Hi, thanks for reporting the issue. Indeed, there's no epsilon on the scale in the decoder and therefore it can get equal to zero. I created a PR with a fix for this. Can you install from this branch and check that it's fixed? https://github.com/scverse/scvi-tools/tree/can_totalvi_decoder_eps

@raozuming
Copy link
Author

@canergen
Thank you, the model training did not go wrong, but the following error occurred: Monitored metric elbo_validation = nan is not finite. Previous best value was inf. Signaling Trainer to stop. The results of protein-related differential analysis are all 0.00000000. Is it because the data is too poor that the results are abnormal? The log is as follows:

.conda/envs/py310/lib/python3.10/site-packages/docrep/decorators.py:43: SyntaxWarning: 'param_categorical_covariate_keys' is not a valid key!
doc = func(self, args[0].doc, *args[1:], **kwargs)
.conda/envs/py310/lib/python3.10/site-packages/mudata/_core/mudata.py:931: UserWarning: Cannot join columns with the same name because var_names are intersecting.
warnings.warn(
INFO Computing empirical prior initialization for protein background.
INFO: GPU available: False, used: False
INFO:lightning.pytorch.utilities.rank_zero:GPU available: False, used: False
INFO: TPU available: False, using: 0 TPU cores
INFO:lightning.pytorch.utilities.rank_zero:TPU available: False, using: 0 TPU cores
INFO: HPU available: False, using: 0 HPUs
INFO:lightning.pytorch.utilities.rank_zero:HPU available: False, using: 0 HPUs
.conda/envs/py310/lib/python3.10/site-packages/lightning/pytorch/core/optimizer.py:316: The lr scheduler dict contains the key(s) ['monitor'], but the keys will be ignored. You need to call lr_scheduler.step() manually in manual optimization.
.conda/envs/py310/lib/python3.10/site-packages/lightning/pytorch/loops/fit_loop.py:298: The number of training batches (5) is smaller than the logging interval Trainer(log_every_n_steps=10). Set a lower value for log_every_n_steps if you want to see logs for the training epoch.

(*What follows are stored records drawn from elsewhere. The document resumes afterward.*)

Lemma ae_ge0_le_integral_nonmeasurable (F G : T -> \bar R) : measurable_fun [set: T] G ->
  (forall x, 0 <= F x) -> (forall x, 0 <= G x) ->
  {ae mu, forall x, F x <= G x} -> \int[mu]_x F x <= \int[mu]_x G x.
Proof.
move=> mG F0 G0 [N [mN N0 NFG]].
rewrite ge0_integralTE //; apply: ge_ereal_sup => _ [h /= hF <-].
have mh : measurable_fun [set: T] (fun x => (h x)%:E).
  by apply/measurable_EFinP; exact: measurable_funP.
rewrite -integralT_nnsfun (ge0_negligible_integral _ _ _ _ N0) //; last first.
  by move=> x _; rewrite lee_fin.
apply: (@le_trans _ _ (\int[mu]_(x in [set: T] `\` N) G x)).
  apply: ge0_le_integral; first exact: measurableD.
  - by move=> x _; rewrite lee_fin.
  - exact: measurable_funS mh.
  - exact: measurable_funS mG.
  - by move=> x [_ Nx]; apply: le_trans (hF x) _; apply: contrapT => /NFG.
by apply: ge0_subset_integral => //; exact: measurableD.
Qed.

End nonmeasurable_integral.

Lemma ge0_integral_probability_affine d (T : measurableType d) (R : realType)
    (P : probability T R) (u v : T -> R) (a b c : R) :
  measurable_fun [set: T] u -> measurable_fun [set: T] v ->
  (forall x, 0 <= u x) -> (forall x, 0 <= v x) -> 0 <= a -> 0 <= b -> 0 <= c ->
  (\int[P]_x (a * u x + b * v x + c)%:E
   = a%:E * \int[P]_x (u x)%:E + b%:E * \int[P]_x (v x)%:E + c%:E)%E.
Proof.
move=> mu mv u0 v0 a0 b0 c0.
have mau : measurable_fun [set: T] (fun x => (a%:E * (u x)%:E)%E).
  by apply: measurable_funeM; exact/measurable_EFinP.
have mbv : measurable_fun [set: T] (fun x => (b%:E * (v x)%:E)%E).
  by apply: measurable_funeM; exact/measurable_EFinP.
under eq_integral do rewrite !EFinD !EFinM.
rewrite ge0_integralD //; last 2 first.
- by move=> x _; rewrite adde_ge0 // -EFinM lee_fin mulr_ge0.
- exact: emeasurable_funD.
rewrite ge0_integralD //; last 2 first.
- by move=> x _; rewrite -EFinM lee_fin mulr_ge0.
- by move=> x _; rewrite -EFinM lee_fin mulr_ge0.
rewrite !ge0_integralZl_EFin //; try by [move=> x _; rewrite lee_fin | exact/measurable_EFinP].
by rewrite integral_cst // [X in (c%:E * X)%E]probability_setT mule1.
Qed.

Section marginal.
Context {R : realType} {d : nat} {rho : probability (RdR R d) R}.

Lemma marginal_setT : marginal rho [set: Rd R d] = 1%E.
Proof. by rewrite /marginal /pushforward preimage_setT probability_setT. Qed.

Epoch 1/400: 0%|▎ | 1/400 [00:01<10:32, 1.59s/it, v_num=1, train_loss_step=1.99e+4, train_loss_epoch=7.67e+4]
Monitored metric elbo_validation = nan is not finite. Previous best value was inf. Signaling Trainer to stop.

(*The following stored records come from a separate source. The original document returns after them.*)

(* Let $(E,\mu)$ and $(F,\nu)$ be fuzzy Riesz spaces and $T:E\rightarrow F$ a fuzzy Riesz homomorphism. If $I_z$ is the fuzzy principal ideal in $E$ generated by an element $z\in E^+$, then $T(I_z)$ is the fuzzy principal ideal in $T(E)$ generated by $Tz$.
   Context: A fuzzy order on a real vector space $E$ is a map $\mu:E\times E\to[0,1]$ with $\mu(x,x)=1$; $\mu(x,y)+\mu(y,x)>1$ implies $x=y$; and $\mu(x,z)\ge\sup_{y}\min(\mu(x,y),\mu(y,z))$. Write $x\le y$ for $\mu(x,y)>\frac12$; suprema/infima are taken with respect to this relation. $(E,\mu)$ is a fuzzy ordered linear space if $\mu(x_1,x_2)>\frac12$ implies $\mu(x_1,x_2)\le\mu(x_1+x,x_2+x)$ for all $x$ and $\mu(x_1,x_2)\le\mu(\alpha x_1,\alpha x_2)$ for all $\alpha>0$; it is a fuzzy Riesz space if $x\vee y=\sup\{x,y\}$ and $x\wedge y=\inf\{x,y\}$ exist for all $x,y$. $E^+=\{x: \mu(0,x)>\frac12\}$, $|x|=x\vee(-x)$. A fuzzy Riesz homomorphism is a linear map with $T(x\vee y)=Tx\vee Ty$; $T(E)$ is a fuzzy Riesz subspace of $F$ regarded as a fuzzy Riesz space with the restricted order. A fuzzy ideal is a vector subspace $A$ such that $\mu(|x|,|y|)>\frac12$ and $y\in A$ imply $x\in A$. The fuzzy principal ideal generated by $x$ is the smallest fuzzy ideal containing $x$. *)

From HB Require Import structures.
From mathcomp Require Import all_boot all_order all_algebra.
From mathcomp Require Import classical_sets reals.
Set Implicit Arguments. Unset Strict Implicit. Unset Printing Implicit Defensive.
Import Order.TTheory GRing.Theory Num.Theory.
Local Open Scope ring_scope.
Local Open Scope classical_set_scope.

Section Fuzzy.
Variables (R : realType) (E : lmodType R).
Implicit Types (mu : E -> E -> R) (S A : set E).

(* fuzzy order: values in [0,1]; mu(x,z) >= sup_y min(mu(x,y),mu(y,z))
   is written out as a bound for every y *)
Definition fuzzy_order mu : Prop :=
  [/\ forall x y, 0 <= mu x y <= 1,
      forall x, mu x x = 1,
      forall x y, 1 < mu x y + mu y x -> x = y &
      forall x y z, Num.min (mu x y) (mu y z) <= mu x z].

Definition fle mu (x y : E) : Prop := 2^-1 < mu x y.

Definition is_sup_in S mu (x y s : E) : Prop :=
  [/\ S s, fle mu x s, fle mu y s &
      forall u, S u -> fle mu x u -> fle mu y u -> fle mu s u].
Definition is_inf_in S mu (x y s : E) : Prop :=
  [/\ S s, fle mu s x, fle mu s y &
      forall u, S u -> fle mu u x -> fle mu u y -> fle mu u s].

Definition fuzzy_ordered_linear_space mu : Prop :=
  fuzzy_order mu /\
  (forall x1 x2, fle mu x1 x2 ->
     (forall x, mu x1 x2 <= mu (x1 + x) (x2 + x)) /\
     (forall a : R, 0 < a -> mu x1 x2 <= mu (a *: x1) (a *: x2))).

Definition fuzzy_riesz_space mu : Prop :=
  fuzzy_ordered_linear_space mu /\
  forall x y, (exists s, is_sup_in setT mu x y s) /\
              (exists i, is_inf_in setT mu x y i).

Definition positive_cone mu : set E := [set x | fle mu 0 x].

Definition is_abs_in S mu (x a : E) : Prop := is_sup_in S mu x (- x) a.

Definition vsubspace A : Prop :=
  A 0 /\ forall (c : R) x y, A x -> A y -> A (c *: x + y).

Definition fuzzy_ideal_in S mu A : Prop :=
  [/\ A `<=` S, vsubspace A &
      forall x y a b, S x -> S y -> is_abs_in S mu x a -> is_abs_in S mu y b ->
        fle mu a b -> A y -> A x].

Definition fuzzy_principal_ideal_in S mu (z : E) A : Prop :=
  [/\ fuzzy_ideal_in S mu A, A z &
      forall B, fuzzy_ideal_in S mu B -> B z -> A `<=` B].

End Fuzzy.

Definition fuzzy_riesz_hom (R : realType) (E F : lmodType R)
  (mu : E -> E -> R) (nu : F -> F -> R) (T : {linear E -> F}) : Prop :=
  forall x y s, is_sup_in setT mu x y s -> is_sup_in setT nu (T x) (T y) (T s).

(** A Riesz homomorphism T preserves the order, absolute values and every
    lattice expression, so the preimage under T of an ideal of T(E) is an ideal
    of E; applied to an ideal B of T(E) containing Tz this gives I_z ⊆ T⁻¹(B),
    i.e. minimality of T(I_z). For solidity of T(I_z), let |Tu| ≤ |Tv| with
    v ∈ I_z, and truncate u to u' = (u ∧ |v|) ∨ (-|v|). Then |u'| ≤ |v|, so
    u' ∈ I_z, while Tu' = (Tu ∧ T|v|) ∨ (-T|v|) = Tu because
    -T|v| ≤ Tu ≤ T|v|. *)
From mathcomp Require Import all_boot all_order all_algebra.
From mathcomp Require Import classical_sets reals.
From mathcomp Require Import lra.
Set Implicit Arguments. Unset Strict Implicit. Unset Printing Implicit Defensive.
Import Order.TTheory GRing.Theory Num.Theory.
Local Open Scope ring_scope.
Local Open Scope classical_set_scope.

Section FuzzyOrderedSpace.
Variables (R : realType) (V : lmodType R) (mu : V -> V -> R).
Hypothesis Hmu : fuzzy_ordered_linear_space mu.

Lemma fle_refl x : fle mu x x.
Proof. by case: Hmu => [[_ mu_refl _ _] _]; rewrite /fle mu_refl; lra. Qed.

Lemma fle_trans x y z : fle mu x y -> fle mu y z -> fle mu x z.
Proof.
case: Hmu => [[_ _ _ mu_trans] _] lexy leyz.
by apply: lt_le_trans (mu_trans x y z); rewrite lt_min lexy leyz.
Qed.

Lemma fle_anti x y : fle mu x y -> fle mu y x -> x = y.
Proof. by case: Hmu => [[_ _ mu_anti _] _]; rewrite /fle => lexy leyx; apply: mu_anti; lra. Qed.

Lemma fle_add2r c x y : fle mu x y -> fle mu (x + c) (y + c).
Proof. by case: Hmu => _ mu_lin lexy; apply: lt_le_trans lexy ((mu_lin _ _ lexy).1 c). Qed.

Lemma fle_opp x y : fle mu x y -> fle mu (- y) (- x).
Proof.
move=> /(fle_add2r (- x - y)).
by rewrite addrA subrr add0r addrC subrK.
Qed.

Lemma fle_oppl x y : fle mu (- x) y -> fle mu (- y) x.
Proof. by move/fle_opp; rewrite opprK. Qed.

Lemma is_sup_in_unique S x y s s' :
  is_sup_in S mu x y s -> is_sup_in S mu x y s' -> s = s'.
Proof. by move=> [Ss lexs leys s_min] [Ss' lexs' leys' s'_min]; apply: fle_anti; auto. Qed.

Lemma is_sup_in_idl S x y s : S x -> fle mu y x -> is_sup_in S mu x y s -> s = x.
Proof. by move=> Sx leyx /is_sup_in_unique; apply; split => //; apply: fle_refl. Qed.

Lemma is_sup_in_setT S x y s : S s -> is_sup_in setT mu x y s -> is_sup_in S mu x y s.
Proof. by move=> Ss [_ lexs leys s_min]; split => // u _; apply: s_min. Qed.

Lemma is_abs_in_le S x a b : is_abs_in S mu x a -> fle mu a b ->
  fle mu x b /\ fle mu (- x) b.
Proof. by case=> _ lexa lenxa _ leab; split; apply: fle_trans leab. Qed.

Lemma is_abs_in_opp_le S x a : is_abs_in S mu x a -> fle mu (- a) a.
Proof. by case=> _ lexa lenxa _; apply: fle_trans (fle_oppl lenxa) lexa. Qed.

Lemma is_abs_in_setT_least x a b : is_abs_in setT mu x a ->
  fle mu x b -> fle mu (- x) b -> fle mu a b.
Proof. by case=> _ _ _ a_min; apply: a_min. Qed.

(* [is_clamp u b c] means c = (u ∧ b) ∨ (-b), the meet being written as
   u ∧ b = -((-u) ∨ (-b)) so that only suprema are involved. *)
Definition is_clamp (u b c : V) : Prop :=
  exists w, is_sup_in setT mu (- u) (- b) w /\ is_sup_in setT mu (- w) (- b) c.

Lemma is_clamp_bounded u b c : fle mu (- b) b -> is_clamp u b c ->
  fle mu c b /\ fle mu (- c) b.
Proof.
move=> lenbb [w [[_ _ lenbw _] [_ _ lenbc c_min]]].
by split; [apply: c_min => //; apply: fle_oppl | apply: fle_oppl].
Qed.

Lemma is_clamp_id u b c : fle mu u b -> fle mu (- b) u -> is_clamp u b c -> c = u.
Proof.
move=> leub lenbu [w [w_sup c_sup]].
have w_eq : w = - u := is_sup_in_idl I (fle_opp leub) w_sup.
by move: c_sup; rewrite w_eq opprK; apply: is_sup_in_idl.
Qed.

End FuzzyOrderedSpace.

Lemma fuzzy_riesz_clamp (R : realType) (V : lmodType R) (mu : V -> V -> R) u b :
  fuzzy_riesz_space mu -> exists c, is_clamp mu u b c.
Proof.
case=> _ lattice; have [[w w_sup] _] := lattice (- u) (- b).
by have [[c c_sup] _] := lattice (- w) (- b); exists c, w.
Qed.

Section LinearImage.
Variables (R : realType) (E F : lmodType R) (T : {linear E -> F}).

Lemma vsubspace_image A : vsubspace A -> vsubspace (T @` A).
Proof.
case=> A0 A_lin; split; first by exists 0; rewrite ?linear0.
move=> c _ _ [x Ax <-] [y Ay <-].
by exists (c *: x + y); [apply: A_lin | rewrite linearD linearZ].
Qed.

Lemma vsubspace_preimage B : vsubspace B -> vsubspace (T @^-1` B).
Proof.
case=> B0 B_lin; split => [|c x y]; first by rewrite /= linear0.
by rewrite /= linearD linearZ; apply: B_lin.
Qed.

End LinearImage.

Section RieszHomomorphism.
Variables (R : realType) (E F : lmodType R).
Variables (mu : E -> E -> R) (nu : F -> F -> R) (T : {linear E -> F}).
Hypotheses (Hmu : fuzzy_ordered_linear_space mu) (Hnu : fuzzy_ordered_linear_space nu).
Hypothesis homT : fuzzy_riesz_hom mu nu T.

Lemma fle_riesz_hom x y : fle mu x y -> fle nu (T x) (T y).
Proof.
move=> lexy; have y_sup : is_sup_in setT mu x y y by split => //; apply: fle_refl.
by case: (homT y_sup).
Qed.

Lemma is_abs_riesz_hom x a :
  is_abs_in setT mu x a -> is_abs_in (range T) nu (T x) (T a).
Proof.
by move=> /homT; rewrite linearN; apply: is_sup_in_setT; exists a.
Qed.

Lemma is_clamp_riesz_hom u b c : is_clamp mu u b c -> is_clamp nu (T u) (T b) (T c).
Proof.
by case=> w [/homT w_sup /homT c_sup]; exists (T w); rewrite -!linearN.
Qed.

Lemma fuzzy_ideal_preimage B :
  fuzzy_ideal_in (range T) nu B -> fuzzy_ideal_in setT mu (T @^-1` B).
Proof.
case=> _ B_sub B_solid; split => //; first exact: vsubspace_preimage.
move=> x y a b _ _ x_abs y_abs leab By.
apply: (B_solid (T x) (T y) (T a) (T b)) By.
- by exists x.
- by exists y.
- exact: is_abs_riesz_hom.
- exact: is_abs_riesz_hom.
- exact: fle_riesz_hom.
Qed.

Lemma fuzzy_ideal_image I : fuzzy_riesz_space mu ->
  fuzzy_ideal_in setT mu I -> fuzzy_ideal_in (range T) nu (T @` I).
Proof.
move=> rieszE [_ I_vsub I_solid].
split; [by move=> _ [x _ <-]; exists x | exact: vsubspace_image |].
move=> _ y a b [u _ <-] _ Tu_abs Tv_abs leab [v Iv Tv_eq]; subst y.
have [[au u_abs] _] := rieszE.2 u (- u).
have [[av v_abs] _] := rieszE.2 v (- v).
have a_eq : a = T au := is_sup_in_unique Hnu Tu_abs (is_abs_riesz_hom u_abs).
have b_eq : b = T av := is_sup_in_unique Hnu Tv_abs (is_abs_riesz_hom v_abs).
rewrite {}a_eq {}b_eq in leab.
have [c u_clamp] := fuzzy_riesz_clamp u av rieszE.
have [lecav lencav] := is_clamp_bounded Hmu (is_abs_in_opp_le Hmu v_abs) u_clamp.
exists c.
- have [[ac c_abs] _] := rieszE.2 c (- c).
  by apply: (I_solid c v ac av) => //; apply: is_abs_in_setT_least c_abs lecav lencav.
- have [leTuTav lenTuTav] := is_abs_in_le Hnu (is_abs_riesz_hom u_abs) leab.
  exact: (is_clamp_id Hnu leTuTav (fle_oppl Hnu lenTuTav) (is_clamp_riesz_hom u_clamp)).
Qed.

End RieszHomomorphism.

Theorem theorem2p6 (R : realType) (E F : lmodType R)
  (mu : E -> E -> R) (nu : F -> F -> R) (T : {linear E -> F}) (z : E)
  (I : set E) :
  fuzzy_riesz_space mu -> fuzzy_riesz_space nu ->
  fuzzy_riesz_hom mu nu T ->
  positive_cone mu z ->
  fuzzy_principal_ideal_in setT mu z I ->
  fuzzy_principal_ideal_in (range T) nu (T z) (T @` I).
Proof.
move=> rieszE [Hnu _] homT _ [I_ideal Iz I_min].
split; [exact: (fuzzy_ideal_image rieszE.1 Hnu homT rieszE I_ideal) | by exists z |].
move=> B B_ideal Bz _ [x Ix <-].
suff I_sub : I `<=` T @^-1` B by apply: I_sub.
by apply: I_min => //; exact: (fuzzy_ideal_preimage rieszE.1 homT B_ideal).
Qed.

[2024-10-28 16:08:55][Stereo][67371][MainThread][139743647491904][st_pipeline][41][INFO]: start to run normalize_total...
[2024-10-28 16:08:55][Stereo][67371][MainThread][139743647491904][st_pipeline][44][INFO]: normalize_total end, consume time 0.0092s.
[2024-10-28 16:08:55][Stereo][67371][MainThread][139743647491904][st_pipeline][41][INFO]: start to run log1p...
[2024-10-28 16:08:55][Stereo][67371][MainThread][139743647491904][st_pipeline][44][INFO]: log1p end, consume time 0.0046s.
[2024-10-28 16:08:55][Stereo][67371][MainThread][139743647491904][st_pipeline][41][INFO]: start to run neighbors...
[2024-10-28 16:09:06][Stereo][67371][MainThread][139743647491904][st_pipeline][44][INFO]: neighbors end, consume time 10.7429s.
[2024-10-28 16:09:06][Stereo][67371][MainThread][139743647491904][st_pipeline][41][INFO]: start to run umap...
completed 0 / 500 epochs
completed 50 / 500 epochs
completed 100 / 500 epochs
completed 150 / 500 epochs
completed 200 / 500 epochs
completed 250 / 500 epochs
completed 300 / 500 epochs
completed 350 / 500 epochs
completed 400 / 500 epochs
completed 450 / 500 epochs
[2024-10-28 16:09:09][Stereo][67371][MainThread][139743647491904][st_pipeline][44][INFO]: umap end, consume time 3.8732s.
[2024-10-28 16:09:09][Stereo][67371][MainThread][139743647491904][st_pipeline][41][INFO]: start to run leiden...
[2024-10-28 16:09:10][Stereo][67371][MainThread][139743647491904][st_pipeline][44][INFO]: leiden end, consume time 0.1685s.
DE...: 0%| | 0/27 [00:00<?, ?it/s].conda/envs/py310/lib/python3.10/site-packages/numpy/core/_methods.py:118: RuntimeWarning: overflow encountered in reduce
ret = umr_sum(arr, axis, dtype, out, keepdims, where=where)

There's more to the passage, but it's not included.